— EXERCISE GOAL —
List all the lines in these records that hold "Theorem".

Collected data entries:
(* Let $k\ge 2$, $x_0\in\Sigma_k^*$, and $x_{n+1}=\mathcal P_k(x_n)$. Then there exists $N\ge 0$ such that $|x_n|\le \left\lceil \frac{2k^2}{k-1}\right\rceil$ for all $n\ge N$. Moreover $|x_n|\le \max\left\{|x_0|,\left\lceil \frac{2k^2}{k-1}\right\rceil\right\}$ for all $n\ge 0$. In particular, every fixed point of $\mathcal P_k$, and every word lying on a cycle of $\mathcal P_k$, has length at most $\left\lceil \frac{2k^2}{k-1}\right\rceil$.
   Context: Fix an integer $k\ge 2$ and the alphabet $\Sigma_k=\{0,1,\dots,k-1\}$. A word is a finite nonempty string of letters of $\Sigma_k$ (leading zeros allowed); $\Sigma_k^*$ denotes the set of words. For a word $x$, $|x|$ denotes its length and $|x|_i$ the number of occurrences of the letter $i$ in $x$. For a positive integer $c$, $[c]_k$ denotes its standard base-$k$ representation without leading zeros, viewed as a word over $\Sigma_k$; it has $\lfloor\log_k c\rfloor+1$ letters. The map $\mathcal P_k:\Sigma_k^*\to\Sigma_k^*$ is defined as follows: if $b_1>b_2>\dots>b_r$ are exactly the letters occurring in $x$ (i.e. those with $|x|_{b_j}\neq 0$), then $\mathcal P_k(x)=[|x|_{b_1}]_k\,b_1\,[|x|_{b_2}]_k\,b_2\cdots[|x|_{b_r}]_k\,b_r$ (concatenation). A fixed point is a word $x$ with $\mathcal P_k(x)=x$; a word $x$ lies on a cycle if $\mathcal P_k^{p}(x)=x$ for some $p\ge 1$. *)

From mathcomp Require Import all_boot.
Set Implicit Arguments. Unset Strict Implicit. Unset Printing Implicit Defensive.

Definition is_word (k : nat) (x : seq nat) : bool :=
  (size x > 0) && all (fun a => a < k) x.

(* Standard base-k representation (most significant digit first, no leading
   zeros) of c > 0; [fuel] is a recursion bound (fuel = c suffices when k >= 2). *)
Fixpoint digits_aux (k fuel c : nat) : seq nat :=
  match fuel with
  | 0 => [:: c]
  | fuel'.+1 => if c < k then [:: c] else rcons (digits_aux k fuel' (c %/ k)) (c %% k)
  end.

Definition base_rep (k c : nat) : seq nat := digits_aux k c c.

(* P_k(x) = [|x|_{b1}]_k b1 ... [|x|_{br}]_k br over letters b1 > ... > br
   occurring in x. *)
Definition Pk (k : nat) (x : seq nat) : seq nat :=
  flatten [seq base_rep k (count_mem b x) ++ [:: b]
          | b <- rev (iota 0 k) & count_mem b x != 0].

(* The bound ceil(2k^2/(k-1)) (for k >= 2). *)
Definition bound (k : nat) : nat := (2 * k ^ 2 + (k - 2)) %/ (k - 1).

Example ex1 : base_rep 10 1203 = [:: 1; 2; 0; 3]. Proof. by []. Qed.
Example ex2 : Pk 10 [:: 2;2;1;0;0;0;0;0;0;0;0;0;0] = [:: 2;2;1;1;1;0;0]. Proof. by []. Qed.
Example ex3 : bound 10 = 23. Proof. by []. Qed.
Example ex4 : bound 2 = 8. Proof. by []. Qed.

(* If a letter occurs c > 0 times in x, its block [c]_k b in P_k(x) has length
   floor(log_k c) + 2, and k * (floor(log_k c) + 2) <= 2k + c because
   k m <= k^m.  Summing over the at most k letters gives
   k |P_k(x)| <= 2k^2 + |x| <= B (k - 1) + |x| with B = ceil(2k^2/(k-1)).
   Hence |P_k(x)| < |x| when |x| > B and |P_k(x)| <= B otherwise: the length
   drops by at least one per step until it is at most B, and then stays so. *)

From mathcomp Require Import all_boot.
From mathcomp Require Import zify.

Lemma mul_leq_expn k m : 1 < k -> k * m <= k ^ m.
Proof.
move=> k_gt1; case: m => [|m]; first by rewrite muln0.
rewrite expnS leq_pmul2l; last exact: ltnW.
exact: ltn_expl.
Qed.

Lemma size_digits_aux_gt0 k fuel c : 0 < size (digits_aux k fuel c).
Proof. by case: fuel => //= fuel; case: ifP; rewrite ?size_rcons. Qed.

Lemma expn_size_digits_aux k fuel c : 1 < k ->
  k ^ (size (digits_aux k fuel c)).-1 <= maxn c 1.
Proof.
move=> k_gt1; elim: fuel c => [|fuel IH] c /=; first by rewrite leq_maxr.
case: ifP => [_ | /negbT]; first by rewrite leq_maxr.
rewrite -leqNgt => k_le_c; rewrite size_rcons /=.
have q_gt0 : 0 < c %/ k by rewrite divn_gt0 // ltnW.
have := IH (c %/ k); rewrite (maxn_idPl q_gt0).
have := size_digits_aux_gt0 k fuel (c %/ k).
case: (size _) => // s _ /= le_q.
rewrite expnS (maxn_idPl (leq_trans (ltnW k_gt1) k_le_c)).
apply: leq_trans (leq_mul (leqnn k) le_q) _.
by rewrite mulnC leq_divM.
Qed.

Lemma size_base_rep_le k c : 1 < k -> 0 < c ->
  k * (size (base_rep k c)).+1 <= 2 * k + c.
Proof.
move=> k_gt1 c_gt0.
have := expn_size_digits_aux k c c k_gt1; rewrite (maxn_idPl c_gt0).
have := mul_leq_expn k (size (base_rep k c)).-1 k_gt1.
have := size_digits_aux_gt0 k c c; rewrite /base_rep.
case: (size _) => // s _ /= le_exp le_c; lia.
Qed.

Lemma sum_count_mem_uniq (T : eqType) (r x : seq T) : uniq r ->
  \sum_(b <- r) count_mem b x = count [in r] x.
Proof.
move=> r_uniq; elim: x => [|a x IH] /=; first by rewrite big1_seq.
rewrite big_split /= IH; congr (_ + _).
rewrite -(count_uniq_mem a r_uniq) -sum1_count [RHS]big_mkcond /=.
by apply: eq_bigr => b _; rewrite eq_sym; case: (b == a).
Qed.

Lemma size_Pk_le k x : 1 < k -> k * size (Pk k x) <= 2 * k ^ 2 + size x.
Proof.
move=> k_gt1.
rewrite /Pk size_flatten sumnE big_map big_map big_filter big_distrr /=.
apply: (@leq_trans (\sum_(b <- iota 0 k) (2 * k + count_mem b x))).
  rewrite big_rev [X in _ <= X](bigID (fun b => count_mem b x != 0)) /=.
  apply: leq_trans (leq_addr _ _); apply: leq_sum => b; rewrite -lt0n => c_gt0.
  by rewrite size_cat addn1 size_base_rep_le.
rewrite big_split /= (@sum_count_mem_uniq _ _ x (iota_uniq 0 k)).
apply: leq_add; last exact: count_size.
by rewrite big_const_seq count_predT size_iota iter_addn_0 -mulnA mulnn.
Qed.

Lemma bound_ceil k : 1 < k -> 2 * k ^ 2 <= bound k * (k - 1).
Proof.
move=> k_gt1; rewrite /bound.
have := divn_eq (2 * k ^ 2 + (k - 2)) (k - 1).
have : (2 * k ^ 2 + (k - 2)) %% (k - 1) < k - 1 by rewrite ltn_pmod ?subn_gt0.
lia.
Qed.

Lemma size_Pk_le_max k x : 1 < k -> size (Pk k x) <= maxn (size x).-1 (bound k).
Proof.
move=> k_gt1; have := size_Pk_le k x k_gt1; have := bound_ceil k k_gt1.
set P := size _; set L := size x; set B := bound k => le_B le_P.
case: (leqP L B) => [le_LB | lt_BL].
  have : k * P <= k * B by nia.
  by rewrite leq_pmul2l; lia.
have : k * P < k * L by nia.
by rewrite ltn_pmul2l; lia.
Qed.

Lemma size_iter_Pk_le k x n : 1 < k ->
  size (iter n (Pk k) x) <= maxn (size x - n) (bound k).
Proof.
move=> k_gt1; elim: n => [|n IH] /=; first by rewrite subn0 leq_maxl.
have := size_Pk_le_max k (iter n (Pk k) x) k_gt1; lia.
Qed.

Theorem mainTheorem3 (k : nat) (x0 : seq nat) :
  2 <= k -> is_word k x0 ->
  (exists N, forall n, N <= n -> size (iter n (Pk k) x0) <= bound k) /\
  (forall n, size (iter n (Pk k) x0) <= maxn (size x0) (bound k)) /\
  (Pk k x0 = x0 -> size x0 <= bound k) /\
  ((exists p, 0 < p /\ iter p (Pk k) x0 = x0) -> size x0 <= bound k).
Proof.
move=> k_gt1 _; have size_iter n := size_iter_Pk_le k x0 n k_gt1.
split; [|split; [|split]].
- by exists (size x0) => n le_n; have := size_iter n; lia.
- by move=> n; have := size_iter n; lia.
- by move=> fixed; have := size_iter 1; rewrite /= fixed; lia.
- by case=> p [p_gt0 periodic]; have := size_iter p; rewrite periodic; lia.
Qed.
Lemma top_sortedb_mw_combine k n ns (x : seq X) zs :
  1 <= k <= n -> valid_split m n ns -> size x = n ->
  (forall i, i < m -> perm_eq (nth [::] zs i) (nth [::] (columns m ns x) i) /\
                      top_sortedb le (sel_size ns k i) (nth [::] zs i)) ->
  top_sortedb le k (mw_combine k ns zs).
Proof.
move=> /andP[k_gt0 le_kn] [size_ns sorted_ns sum_ns _] size_x children.
have x0 : X by move: size_x; case: x {children} => [|y _] //= n0; exfalso; lia.
rewrite -size_x in sum_ns; rewrite /mw_combine.
set n1 := head 0 ns; set l := sel_size ns k; set kk := pad_size n1 k.
have size_t := size_columns (m := m) sorted_ns sum_ns.
have t_dom := columns_dominated (m := m) sum_ns.
have perm_z i : i < m -> _ := fun lt_im => (children i lt_im).1.
have top_z i : i < m -> _ := fun lt_im => (children i lt_im).2.
have [wf_merge merge_top] := merge_ok (sumn (map kk (iota 0 m))) (kk 0) k.
apply: (top_sortedb_merge_output sorted_ns size_t t_dom perm_z top_z (perm_run_seq leo _ wf_merge)).
have l_le_kk i : l i <= kk i.
  by rewrite leq_min geq_minr andbT (leq_trans (geq_minl _ _) (nth_le_head sorted_ns i)).
apply/(top_sortedP leo_trans)/merge_top.
  apply: (mwise_padded_prefixes sorted_ns size_t t_dom perm_z top_z x0) => // [|i _].
    have := sumn_le_size_head sorted_ns.
    by rewrite sum_ns size_x size_ns -/n1 /kk /pad_size divn1; nia.
  by rewrite /kk /pad_size divn1 -minnA (minn_idPr (leq_div _ _)).
rewrite -map_comp; apply/congr1/eq_in_map=> i; rewrite mem_iota add0n => /andP[_ lt_im] /=.
rewrite size_cat size_map size_nseq size_takel ?subnKC //.
by rewrite (perm_size (perm_z i lt_im)) size_t // geq_minl.
Qed.

Lemma mw_sel_rec_correct fuel path n k x : n < fuel -> 1 <= k <= n -> size x = n ->
  perm_eq (mw_sel_rec fuel path n k x) x /\ top_sortedb le k (mw_sel_rec fuel path n k x).
Proof.
elim: fuel path n k x => // fuel IH path n k x lt_n_fuel k_range size_x.
rewrite mw_sel_rec_step; case: eqP => [->|/eqP k_neq1]; first exact: max_net_top_sorted.
have k_ge2 : 2 <= k <= n by case: k k_neq1 k_range => [|[|k]].
have split_valid := split_ok path k_ge2.
have [size_ns sorted_ns sum_ns head_lt] := split_valid.
set ns := split path n k in split_valid size_ns sorted_ns sum_ns head_lt *.
rewrite -size_x in sum_ns; set zs := mw_children fuel path ns k x.
have size_zs : size zs = m by rewrite size_map size_iota.
have children i : i < m -> perm_eq (nth [::] zs i) (nth [::] (columns m ns x) i) /\
                          top_sortedb le (sel_size ns k i) (nth [::] zs i).
  move=> lt_im; rewrite /zs /mw_children nth_mkseq //=.
  case: eqP => [->|/eqP l_neq0]; first by [].
  apply: IH; rewrite ?size_columns //; last by rewrite lt0n l_neq0 geq_minl.
  exact: leq_ltn_trans (nth_le_head sorted_ns i) (leq_trans head_lt lt_n_fuel).
split; last exact: top_sortedb_mw_combine k_range split_valid size_x children.
apply: perm_trans (perm_mw_combine _ _ size_zs) _.
apply: perm_trans (perm_flatten_columns size_ns sorted_ns sum_ns).
rewrite -(mkseq_nth [::] zs) -(mkseq_nth [::] (columns m ns x)) size_zs size_map size_iota.
by apply: perm_flatten_map => i; rewrite mem_iota => /andP[_ /children[]].
Qed.
End MwSelCorrect.

Theorem mainTheorem3 (d : Order.disp_t) (X : orderType d) (m : nat)
  (hm : 2 <= m)
  (merge : forall s c k : nat, net s)
  (hmerge : forall s c k : nat, is_merger (X := X) m c k (merge s c k))
  (maxnet : forall n : nat, net n)
  (hmax : forall n : nat, is_max_net (<=%O : rel X) (maxnet n))
  (split : seq nat -> nat -> nat -> seq nat)
  (hsplit : forall (p : seq nat) (n k : nat), 2 <= k <= n ->
              valid_split m n (split p n k))
  (n k : nat) (x : seq X) :
  1 <= k <= n -> size x = n ->
  top_k_sorted (<=%O : rel X) k (mw_sel m merge maxnet split n k x).
Proof.
move=> k_range size_x; apply/(top_sortedP le_trans).
exact: (mw_sel_rec_correct hm hmerge hmax hsplit [::] (ltnSn n) k_range size_x).2.
Qed.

— COMPLETED TASK —
Theorem mainTheorem3 (k : nat) (x0 : seq nat) :
Theorem mainTheorem3 (d : Order.disp_t) (X : orderType d) (m : nat)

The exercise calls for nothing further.